Problem details >>
Reproduce the data below verbatim from the line containing "- intros i Hi;" through its final line, and produce nothing more.

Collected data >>
---

Lemma same_rpt_overlap_fst x y z : overlap a b c w x y -> same_rpt a b c w x z -> fst z = fst x.
Proof.
  intros Hxy [_ [E | [[E Hf] | [E Hf]]]]; [auto | exfalso..].
  - destruct (overlap_pieces _ _ _ _ _ _ Hxy) as [Ix _].
    apply (overlap_off_fold x y (fst z) Hxy); auto.
    + rewrite E; apply Nat.mod_upper_bound; lia.
    + right; rewrite E; destruct (fst x) as [|[|[|i]]]; try lia; reflexivity.
  - destruct (overlap_pieces _ _ _ _ _ _ Hxy) as [Ix _].
    exact (overlap_off_fold x y (fst x) Hxy Ix (or_introl eq_refl) Hf).
Qed.

Lemma fold_crossing_info F : same_type F ->
  (forall p, ~ (in_strip a b c w 0 p /\ in_strip a b c w 1 p /\ in_strip a b c w 2 p)) ->
  crossing_info a b c w (fold_crossing F) /\ agrees a b c w F (fold_crossing F).
Proof.
  intros [F01 F12] Hno3.
  assert (Hrep : forall x y x' y', overlap a b c w x y -> same_rpt a b c w x x' ->
            same_rpt a b c w y y' -> fold_crossing F x' y' = fold_crossing F x y).
  { intros x y x' y' Hxy Hx Hy; unfold fold_crossing.
    rewrite (same_rpt_overlap_fst x y x' Hxy Hx),
            (same_rpt_overlap_fst y x y' (overlap_sym _ _ _ _ _ _ Hxy) Hy); reflexivity. }
  split; [split; [|split; [|split; [|split]]] |].
  - intros x y Hxy; destruct (overlap_pieces _ _ _ _ _ _ Hxy) as [Ix [Iy Ixy]].
    destruct x as [i p], y as [j q]; unfold fold_crossing, fold_sign; simpl in *.
    destruct (F 0%nat);
      destruct i as [|[|[|i]]]; try lia; destruct j as [|[|[|j]]]; try lia; simpl; auto.
  - intros x x' y y' Hxy _ _; exact (Hrep x y x' y' Hxy).
  - intros x y Hxy; destruct (overlap_pieces _ _ _ _ _ _ Hxy) as [Ix [Iy Ixy]].
    destruct x as [i p], y as [j q]; unfold fold_crossing, fold_sign; simpl in *.
    destruct (F 0%nat);
      destruct i as [|[|[|i]]]; try lia; destruct j as [|[|[|j]]]; try lia; simpl; auto.
  - intros x y z Hxy Hyz Hxz; exfalso.
    destruct (overlap_pieces _ _ _ _ _ _ Hxy) as [Ix [Iy Ixy]].
    destruct (overlap_pieces _ _ _ _ _ _ Hyz) as [_ [Iz Iyz]].
    destruct (overlap_pieces _ _ _ _ _ _ Hxz) as [_ [_ Ixz]].
    destruct Hxy as [[_ [Sx _]] [[_ [Sy _]] [E1 _]]], Hyz as [_ [[_ [Sz _]] [E2 _]]].
    destruct x as [i p], y as [j q], z as [k r]; simpl in *; subst q r.
    destruct i as [|[|[|i]]]; try lia; destruct j as [|[|[|j]]]; try lia;
      destruct k as [|[|[|k]]]; try lia; apply (Hno3 p); auto.
  - intros x y Hxy; exists 1; split; [lra|].
    intros x' y' _ [_ Hx] [_ Hy]; exact (Hrep x y (fst x', snd x) (fst y', snd y) Hxy Hx Hy).
  - intros i Hi; exists 1; split; [lra|]; intros p _ _ _ _.
    unfold fold_crossing, fold_sign; simpl; rewrite Nat.eqb_refl.
    destruct i as [|[|[|i]]]; try lia; rewrite ?F01, ?F12; reflexivity.
Qed.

---

Final answer >>
  - intros i Hi; exists 1; split; [lra|]; intros p _ _ _ _.
    unfold fold_crossing, fold_sign; simpl; rewrite Nat.eqb_refl.
    destruct i as [|[|[|i]]]; try lia; rewrite ?F01, ?F12; reflexivity.
Qed.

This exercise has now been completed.